Silencing of p70S6K abolishes TGF-β–dependent activation of human LX-2 cells and the spontaneous activation of phHSCs and pmHSCs. (A) LX-2 cells were transfected with p70S6K-targeting siRNA or control siRNA (β-galactosidase–targeting siRNA). Silencing of p70S6K, confirmed by Western blot (left panel) (n = 4; ∗P < .05; t test), inhibited the activation of HSCs, as shown by the abolished increase of α-SMA caused by co-incubation with TGF-β for 24 hours (right panels) (n = 4; ∗P < .05; Kruskal-Wallis test). (B) Similar results as in A were obtained with phHSCs plated on uncovered plastic wells and harvested after undergoing continuous incubation with siRNA targeting p70S6K or control siRNA for 7 days. The illustrations and the quantitative assessment shown are representative of at least 4 separate experiments (∗P < .05; t test). (C) pmHSCs were isolated from age-matched Wt and p70S6K–/– mice. Protein expression of α-SMA was measured by Western blot and expressed as fold-increase vs baseline levels on day 2. pmHSCs from p70S6K–/– mice showed a smaller increase in α-SMA protein expression over time (n = 3; ∗P < .05; analysis of variance).

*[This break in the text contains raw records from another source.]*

(* Let $A$ be a commutative noetherian local ring, let $x,y\in A$ be a regular exact pair of zero divisors, and let $a\in A$ be weakly regular on the $A$-module $A/(x,y)$. Then there are isomorphisms of $A$-algebras $\operatorname{End}_A(G_a)\cong A\cong \operatorname{End}_A(H_a)$. In particular, $\operatorname{End}_A(G_a)$ and $\operatorname{End}_A(H_a)$ are commutative noetherian local rings, and the $A$-modules $G_a$ and $H_a$ are indecomposable.
   Context: Two non-units $x,y\in A$ form an exact pair of zero divisors if $\operatorname{Ann}_A(x)=(y)$ and $\operatorname{Ann}_A(y)=(x)$; such a pair is regular if $(x)\cap(y)=0$. An element $a\in A$ is weakly regular on a module $M$ if multiplication by $a$ on $M$ is injective. For $a\in A$, let $\gamma_a=\begin{pmatrix} x & a\\ 0 & y\end{pmatrix}$ and $\eta_a=\begin{pmatrix} y & -a\\ 0 & x\end{pmatrix}$, viewed as $A$-linear maps $A^2\to A^2$ acting on column vectors, and set $G_a=\operatorname{Coker}\gamma_a$, $H_a=\operatorname{Coker}\eta_a$. *)

(* Modules over A are handled concretely: the cokernel of a
   2x2 matrix g is A^2 (column vectors) modulo the image of g (setoid style). *)
From mathcomp Require Import all_boot all_algebra.
Set Implicit Arguments. Unset Strict Implicit. Unset Printing Implicit Defensive.
Import GRing.Theory.
Local Open Scope ring_scope.

Section RingNotions.
Variable A : comRingType.

Definition is_unit (x : A) : Prop := exists u, u * x = 1.
Definition is_ideal (I : A -> Prop) : Prop :=
  I 0 /\ (forall u v, I u -> I v -> I (u + v)) /\ (forall r u, I u -> I (r * u)).
Definition fin_gen_ideal (I : A -> Prop) : Prop :=
  exists s : seq A, forall z,
    I z <-> exists c : 'I_(size s) -> A, z = \sum_(i < size s) c i * s`_i.
Definition noetherian_ring : Prop :=
  forall I, is_ideal I -> fin_gen_ideal I.
Definition maximal_ideal (I : A -> Prop) : Prop :=
  is_ideal I /\ ~ I 1 /\
  (forall J, is_ideal J -> (forall z, I z -> J z) -> ~ J 1 -> forall z, J z -> I z).
Definition local_ring : Prop :=
  exists m, maximal_ideal m /\ forall m', maximal_ideal m' -> forall z, m' z <-> m z.

Definition pid (x z : A) : Prop := exists r, z = r * x.
Definition ideal2 (x y z : A) : Prop := exists r s, z = r * x + s * y.
Definition ann (x z : A) : Prop := z * x = 0.

Definition exact_pair_zd (x y : A) : Prop :=
  ~ is_unit x /\ ~ is_unit y /\
  (forall z, ann x z <-> pid y z) /\ (forall z, ann y z <-> pid x z).
Definition regular_exact_pair (x y : A) : Prop :=
  exact_pair_zd x y /\ (forall z, pid x z -> pid y z -> z = 0).
Definition weakly_regular_quot2 (a x y : A) : Prop :=
  forall b, ideal2 x y (a * b) -> ideal2 x y b.

Definition mx22 (p q r s : A) : 'M[A]_2 :=
  \matrix_(i < 2, j < 2)
    if (i == 0 :> nat) then (if (j == 0 :> nat) then p else q)
    else (if (j == 0 :> nat) then r else s).
Definition gamma_mx (x y a : A) : 'M[A]_2 := mx22 x a 0 y.
Definition eta_mx (x y a : A) : 'M[A]_2 := mx22 y (- a) 0 x.

Definition im_mx (g : 'M[A]_2) (v : 'cV[A]_2) : Prop := exists w, v = g *m w.
Definition coker_eq (g : 'M[A]_2) (u v : 'cV[A]_2) : Prop := im_mx g (u - v).

Definition vfun := 'cV[A]_2 -> 'cV[A]_2.

(* A-linear endomorphisms of Coker g, given on representatives *)
Definition is_coker_endo (g : 'M[A]_2) (f : vfun) : Prop :=
  (forall u v, coker_eq g u v -> coker_eq g (f u) (f v)) /\
  (forall u v, coker_eq g (f (u + v)) (f u + f v)) /\
  (forall r u, coker_eq g (f (r *: u)) (r *: f u)).
Definition endo_eq (g : 'M[A]_2) (f h : vfun) : Prop :=
  forall u, coker_eq g (f u) (h u).
Definition struct_map (r : A) : vfun := fun u => r *: u.

Definition End_struct_iso (g : 'M[A]_2) : Prop :=
  (forall r, is_coker_endo g (struct_map r)) /\
  (forall r s, endo_eq g (struct_map r) (struct_map s) -> r = s) /\
  (forall f, is_coker_endo g f -> exists r, endo_eq g f (struct_map r)).
Definition forget (A B : cnf) : Prop :=
  exists j m C, j <> m /\ j < length A /\ m < length A /\
    (In C (res (nth j A []) (nth m A [])) \/ para (nth j A []) (nth m A []) C) /\
    B = C :: drop_two j m A.

Fixpoint has_alpha_t (n : nat) (t : term) : bool :=
  match t with
  | Var _ => false
  | Alpha j => Nat.ltb j n
  | Fn _ l => existsb (has_alpha_t n) l
  end.

Definition has_alpha_a (n : nat) (a : atom) : bool :=
  match a with
  | APred _ l => existsb (has_alpha_t n) l
  | AEq s t => has_alpha_t n s || has_alpha_t n t
  end.

Definition has_alpha_c (n : nat) (C : clause) : bool :=
  existsb (fun L => has_alpha_a n (snd L)) C.

Definition prune (n : nat) (A : cnf) : cnf := filter (has_alpha_c n) A.

Definition sf_test (p : nat) (bs : list block) (U : list (list (list term)))
    (W : list (list term)) (B : cnf) : Prop :=
  E_valid (map (fun w => asubst_f w (cnf_formula B)) W ++ Gamma p bs U)
          (Delta p bs U).

(* Big-step semantics of the recursive procedure SF:
   [SF n test A R] means "the call SF(A) terminates and returns R".
   Termination on input A = existence of such a derivation. *)
Inductive SF (n : nat) (test : cnf -> Prop) : cnf -> (cnf -> Prop) -> Prop :=
| SF_call : forall (A : cnf) (Rs : cnf -> cnf -> Prop),
    (forall B, forget (prune n A) B -> test B -> SF n test B (Rs B)) ->
    SF n test A
       (fun C => C = prune n A \/
                 exists B, forget (prune n A) B /\ test B /\ Rs B C).

(* Termination: every formula in forget(A) has one clause fewer than A
   (two clauses are replaced by one inferred clause), and pruning never adds
   clauses, so SF(A) is defined by well-founded recursion on the number of
   clauses of A.

   Soundness: the two operations performed by SF preserve solutions of the
   schematic extended Herbrand sequent S~.
   - Pruning deletes clauses without any alpha_j.  Such a clause is true or
     false independently of the values of the alpha_j, so it holds of each
     instance A[alpha\w_i] whenever it holds of A, and the implication
     A -> /\_i A[alpha\w_i] survives the deletion.
   - A formula B in forget(A) is a logical consequence of A, because
     resolution and ground paramodulation are sound.  If B holds, the test of
     step (iii) yields Delta; otherwise A fails too, and the solution A yields
     Delta.  Moreover B still mentions only the variables alpha_j. *)

From Stdlib Require Import List Arith Bool Lia Classical ClassicalEpsilon.
Import ListNotations.

Fixpoint term_ind_nested (P : term -> Prop) (hv : forall x, P (Var x))
  (ha : forall j, P (Alpha j)) (hf : forall f l, Forall P l -> P (Fn f l))
  (t : term) : P t :=
  match t with
  | Var x => hv x
  | Alpha j => ha j
  | Fn f l => hf f l ((fix go (l : list term) : Forall P l :=
       match l with
       | [] => Forall_nil _
       | a :: l' => Forall_cons _ (term_ind_nested P hv ha hf a) (go l')
       end) l)
  end.
(* Fix $a\in\mathbb{C}_v$ and $r>0$, and let $F(z)=\sum_{i\ge0}c_i(z-a)^i\in\mathbb{C}_v[[z-a]]$ converge on $D(a,r)$. If $F'$ has no zeros in $D(a,r)$, then $F$ maps $D(a,\kappa r)$ bijectively onto $D(c_0,|c_1|\kappa r)$.
   Context: $\mathbb{C}_v$ is an algebraically closed field of characteristic zero, complete with respect to a nontrivial non-archimedean absolute value $|\cdot|$; $D(a,r)=\{x\in\mathbb{C}_v:|x-a|<r\}$. Let $p$ be the residue characteristic of $\mathbb{C}_v$; define $\kappa:=|p|^{1/(p-1)}$ if $p>0$ and $\kappa:=1$ if $p=0$ (so $0<\kappa\le1$). *)

From HB Require Import structures.
From mathcomp Require Import all_boot all_order all_algebra.
From mathcomp Require Import boolp reals exp.
Set Implicit Arguments. Unset Strict Implicit. Unset Printing Implicit Defensive.
Import Order.TTheory GRing.Theory Num.Theory.
Local Open Scope ring_scope.

Record nonarch_absval (R : realType) (K : fieldType) := NonArchAbsval {
  absv :> K -> R;
  absv_ge0 : forall x, 0 <= absv x;
  absv_eq0 : forall x, absv x = 0 <-> x = 0;
  absvM : forall x y, absv (x * y) = absv x * absv y;
  absv_ultra : forall x y, absv (x + y) <= Num.max (absv x) (absv y);
  absv_nontrivial : exists x, absv x != 0 /\ absv x != 1
}.

Section Defs.
Variables (R : realType) (K : fieldType) (v : nonarch_absval R K).

Definition av_cvg (u : nat -> K) (l : K) : Prop :=
  forall e : R, 0 < e -> exists N : nat, forall n, (N <= n)%N -> v (u n - l) < e.

Definition av_cauchy (u : nat -> K) : Prop :=
  forall e : R, 0 < e -> exists N : nat, forall m n, (N <= m)%N -> (N <= n)%N ->
    v (u m - u n) < e.

Definition av_complete : Prop :=
  forall u, av_cauchy u -> exists l, av_cvg u l.

Definition disc (a : K) (r : R) : K -> Prop := fun x => v (x - a) < r.

Definition psum (c : nat -> K) (a z : K) (n : nat) : K :=
  \sum_(i < n) c i * (z - a) ^+ i.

To further validate this observation, we assessed the activation of primary murine HSCs (pmHSCs) isolated from p70S6K–/– mice or syngeneic age-matched wild-type (Wt) control mice. While assessing the phenotype of spontaneous ageing of Wt vs p70S6K–/– mice, we did not detect differences in body to liver or spleen weight, or in liver serum biochemistry between the 2 strains (Figure 5A and B). Also, there were no differences in liver histology and fibrosis markers as judged by Western blot or Sirius red staining (Figure 5CE). However, when we examined the ex vivo activation of pmHSCs isolated from p70S6K–/– mice vs Wt mice, we observed a significantly lower increase of α-SMA expression in pmHSCs isolated from p70S6K–/– mice in comparison with Wt mice throughout a 13-day time period (Figure 4C). This suggests that p70S6K regulates HSC response to activation by external fibrogenetic stimuli. The findings on p70S6K activation in these 3 model systems pointed to a causal role of p70S6K in determining activation of HSC and α-SMA expression in both human and murine cells.

Figure 5.

Figure 5

Spontaneous phenotype of p70S6K–/– mice in comparison with Wt mice. (A, B) Comparison of age-matched Wt mice vs p70S6K–/– mice did not show significant differences in body, liver, or spleen weight or in serum bilirubin, alanine aminotransferase (ALT), aspartate-aminotransferase (AST), and alkaline phosphatase (ALP). (C) Likewise, no differences were detected in the expression of α-SMA and collagen 1α1. (D, E) Hepatic fibrosis was assessed by Sirius red staining and quantitatively expressed as the fraction of Sirius red–positive area, which was quantified automatically from whole-slide scans. All figures are representative of experiments conducted from 3 independent samples showing no statistical differences.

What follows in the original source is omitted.